We know why people don’t self-archive, but not why they do

I found a solid consensus around the barriers to self-archiving, including copyright concerns, confusion about publisher policies, time constraints, fear of plagiarism, ignorance, and the belief that the work is already freely available in some form. However, there was little agreement around the reasons faculty do self archive. One researcher says disciplinary culture has a big impact, another says discipline has no effect. One researcher says altruism plays a role, another says faculty are purely self-interested. This is an area that is begging for more investigation.

Most self-archiving might really be mediated archiving

Multiple studies had results suggesting that much of the behavior we term “self-archiving” is actually mediated by librarians, administrative assistants, and automated processes. Faculty may be consenting to have their work deposited in institutional or disciplinary repositories, but the work of the deposit is handled by someone else. If this is the case, many purported barriers to self-archiving might not matter, while efforts to increase deposit rates may fruitlessly target faculty when they would be more successful if they focused on expanding mediated deposit services.

The impact of mandates is an open question

Mandates are the big new thing in open access advocacy, but they are almost completely unstudied. There are a tiny handful of scholarly articles that investigate the impact of mandates on improving deposit rates and expanding access. Given the rising number of open access mandates for both data and published research, it seems wasteful not to understand what is influencing compliance or non-compliance with the mandates already in place, in order to shape more effective policies in the future.

This question of mandates is where I plan to focus my research energy in the coming months. If anyone out there is already looking into it, I’d love to hear from you. I have some ideas for how to approach it, but they’re still nascent.

A change in direction

Two weeks ago, I quit my job at the University of Michigan Library after five great years. This week, I started a new life as a doctoral student at the University of Michigan’s Center for the Study of Higher and Postsecondary Education.
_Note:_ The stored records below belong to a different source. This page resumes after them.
Lemma bonferroni_bounds_step (a b c P x : R) : 0 <= x <= 1 ->
  bonferroni_bounds a b c P ->
  bonferroni_bounds (x + a) (x ^+ 2 + b) (x ^+ 3 + c) ((1 - x) * P).
Proof.
move=> /andP[x0 x1] [/andP[P0 P1] a0 b0 /andP[c0 cab] [B1 B2 B3 B4]].
rewrite /bonferroni_bounds /elem2 /elem3 in B2 B3 B4 *.
have x2 : 0 <= x ^+ 2 by rewrite exprn_ge0.
have x3 : 0 <= x ^+ 3 by rewrite exprn_ge0.
have xP1 : x * P <= x by rewrite -[leRHS]mulr1 ler_wpM2l.
have xb : 0 <= x * b by rewrite mulr_ge0.
have ax2 : 0 <= a * x ^+ 2 by rewrite mulr_ge0.
have e3_le : a ^+ 3 - 3 * a * b + 2 * c <= a ^+ 3 by nra.
have quartic : 4 * a ^+ 3 * x <= (x + a) ^+ 4 - a ^+ 4.
  have : 0 <= x * (6 * a ^+ 2 * x + 4 * a * x ^+ 2 + x ^+ 3).
    by apply: mulr_ge0 => //; nra.
  by move=> h; nra.
have xB1 : 0 <= x * (P - (1 - a)) by apply: mulr_ge0; lra.
have xB2 : 0 <= x * (1 - a + (a ^+ 2 - b) / 2 - P) by apply: mulr_ge0; lra.
have xB3 : 0 <= x * (P - (1 - a + (a ^+ 2 - b) / 2
                            - (a ^+ 3 - 3 * a * b + 2 * c) / 6)).
  by apply: mulr_ge0; lra.
have xe3 : x * (a ^+ 3 - 3 * a * b + 2 * c) <= x * a ^+ 3 by rewrite ler_wpM2l.
have xP0 : 0 <= (1 - x) * P by apply: mulr_ge0; lra.
split; [apply/andP; split; nra | lra | lra | apply/andP; split; nra | split; nra].
Qed.

Lemma bonferroni (I : Type) (r : seq I) (x : I -> R) :
  (forall i, 0 <= x i <= 1) ->
  bonferroni_bounds (\sum_(i <- r) x i) (\sum_(i <- r) x i ^+ 2)
    (\sum_(i <- r) x i ^+ 3) (\prod_(i <- r) (1 - x i)).
Proof.
move=> x01; elim: r => [|i r IH].
  rewrite !big_nil /bonferroni_bounds /elem2 /elem3.
  split; [by rewrite ler01 lexx | by [] | by [] | by rewrite mul0r lexx | ].
  by split; lra.
by rewrite !big_cons; apply: bonferroni_bounds_step.
Qed.

(* Third-order truncation: 1 - P = a - a^2/2 + (a^3/6 + b/2) up to a relative
   error 2a, because the neglected terms are -ab/2 + c/3 with c <= ab, and a
   fourth-order term at most a^4/24. *)
Lemma truncation_error (a b c P : R) :
  bonferroni_bounds a b c P ->
  `|(1 - P) - (a - a ^+ 2 / 2) - (a ^+ 3 / 6 + b / 2)|
    <= 2 * a * (a ^+ 3 / 6 + b / 2).
Proof.
move=> [_ a0 b0 /andP[c0 cab] [_ _ lower upper]].
rewrite /elem2 /elem3 in lower upper.
have a3 : 0 <= a ^+ 3 by rewrite exprn_ge0.
have ab : 0 <= a * b by rewrite mulr_ge0.
have a4 : a ^+ 4 = a * a ^+ 3 by rewrite exprS.
by rewrite ler_norml; apply/andP; split; nra.
Qed.
End TruncatedProduct.

Section ProductWeights.
Variable R : comPzRingType.
Section ComplexPowers.
Variable R : realType.
Local Notation C := R[i].

Lemma cexpi0 : cexpi 0 = 1 :> C.
Proof. by rewrite /cexpi cos0 sin0. Qed.

Lemma cexpiD (x y : R) : cexpi (x + y) = cexpi x * cexpi y :> C.
Proof.
rewrite /cexpi cosD sinD; apply/eqP; rewrite eq_complex /=.
by apply/andP; split; apply/eqP; ring.
Qed.

Lemma cexpi_2pi_nat (k : nat) : cexpi (2 * pi * k%:R) = 1 :> C.
Proof.
elim: k => [|k IH]; first by rewrite mulr0 cexpi0.
have -> : 2 * pi * k.+1%:R = 2 * pi * k%:R + pi *+ 2 :> R.
  by rewrite -mulr_natl -natr1; ring.
by rewrite cexpiD IH mul1r /cexpi cos2pi sin2pi.
Qed.

Lemma cexpi_2pi_modn (b d : nat) :
  cexpi (2 * pi * (b %% d)%:R / d%:R) = cexpi (2 * pi * b%:R / d%:R) :> C.
Proof.
have [->|d_gt0] := posnP d; first by rewrite modn0.
have d_neq0 : d%:R != 0 :> R by rewrite pnatr_eq0 -lt0n.
have -> : 2 * pi * b%:R / d%:R =
          2 * pi * (b %/ d)%:R + 2 * pi * (b %% d)%:R / d%:R :> R.
  by rewrite {1}(divn_eq b d) natrD natrM; field.
by rewrite cexpiD cexpi_2pi_nat mul1r.
Qed.

Lemma norm_cexpi (x : R) : `|cexpi x| = 1 :> C.
Proof. by rewrite normc_def /= cos2Dsin2 sqrtr1. Qed.

Lemma norm_realc (r : R) : `|r%:C| = `|r|%:C :> C.
Proof. by rewrite normc_def /= expr0n addr0 sqrtr_sqr. Qed.

Lemma normcI : `|'i%C| = 1 :> C.
Proof. by rewrite normc_def /= expr0n expr1n add0r sqrtr1. Qed.

Lemma realcM (x y : R) : (x * y)%:C = x%:C * y%:C :> C.
Proof. by apply/eqP; rewrite eq_complex /= !mulr0 !mul0r subr0 addr0 !eqxx. Qed.

Lemma cpowM (m n : nat) (s : C) : (0 < m)%N -> (0 < n)%N ->
  cpow (m * n) s = cpow m s * cpow n s.
Proof.
move=> m_gt0 n_gt0.
rewrite /cpow natrM lnM ?posrE ?ltr0n // !mulrDr expRD cexpiD realcM.
by rewrite mulrACA.
Qed.

Lemma cpowNK (n : nat) (s : C) : cpow n (- s) * cpow n s = 1.
Proof.
have [ReN ImN] : complex.Re (- s) = - complex.Re s /\ complex.Im (- s) = - complex.Im s.
  by case: s.
rewrite /cpow ReN ImN mulrACA -realcM -expRD -cexpiD.
by rewrite !mulNr !addNr expR0 cexpi0 mulr1.
Qed.

Lemma norm_cpow (n : nat) (s : C) :
  `|cpow n s| = (expR (complex.Re s * ln n%:R))%:C.
Proof. by rewrite normrM norm_realc norm_cexpi mulr1 ger0_norm // expR_ge0. Qed.

End ComplexPowers.

Section DirichletSeriesConvergence.
Variable R : realType.
Local Notation C := R[i].

(* The right-hand side is [\int_k^(k+1) x^-sg dx]. *)
Lemma riemann_term_le (sg : R) (k : nat) : 1 < sg -> (0 < k)%N ->
  expR (- sg * ln k.+1%:R) <=
  (expR ((1 - sg) * ln k%:R) - expR ((1 - sg) * ln k.+1%:R)) / (sg - 1).
Proof.
move=> sg_gt1 k_gt0.
set a := ln (k%:R : R); set b := ln (k.+1%:R : R); set t := sg - 1.
have t_gt0 : 0 < t by rewrite subr_gt0.
have k1_gt1 : 1 < k.+1%:R :> R by rewrite ltr1n ltnS.
have ln_gap : expR (- b) <= b - a.
  have k1_inv : expR (- b) = k.+1%:R^-1 by rewrite expRN lnK // posrE ltr0n.
  have k1_inv_lt1 : k.+1%:R^-1 < 1 :> R by rewrite invf_lt1 // ltr0n.
  have := @le_ln1Dx R (- k.+1%:R^-1); rewrite k1_inv.
  have -> : 1 - k.+1%:R^-1 = k%:R / k.+1%:R :> R.
    by rewrite -natr1; field; rewrite natr1 gt_eqF // ltr0n.
  rewrite ln_div ?posrE ?ltr0n // -/a -/b => ln_le.
  suff : a - b <= - k.+1%:R^-1 by rewrite lerNr opprB.
  by apply: ln_le; rewrite ltrN2.
have exp_gap := expR_ge1Dx (t * (b - a)).
have -> : expR ((1 - sg) * a) = expR ((1 - sg) * b) * expR (t * (b - a)).
  by rewrite -expRD /t; congr expR; ring.
have -> : expR (- sg * b) = expR ((1 - sg) * b) * expR (- b).
  by rewrite -expRD; congr expR; ring.
rewrite ler_pdivlMr //.
have E_ge0 := expR_ge0 ((1 - sg) * b).
set E := expR ((1 - sg) * b) in E_ge0 *.
have ln_gap_scaled : 0 <= E * t * (b - a - expR (- b)).
  by rewrite !mulr_ge0 ?subr_ge0 // ltW.
have exp_gap_scaled : 0 <= E * (expR (t * (b - a)) - (1 + t * (b - a))).
  by rewrite mulr_ge0 // subr_ge0.
nra.
Qed.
This site was pretty dormant during my last two years working in library administration, so I’m not sure who reads it anymore besides the people who come for Creative Commons attribution guidance, but I figured it was worth documenting this life change here anyway. Especially since I expect to have all kinds of new and exciting reasons to post in the future. In my last position in library administration there wasn’t nearly so much that I could write about publicly, or that I thought would be interesting to the wider world. I hope that won’t be the case now that I’m a shiny new student full of wonder and excitement and ideas I’ll one day be embarrassed to have published on the internet.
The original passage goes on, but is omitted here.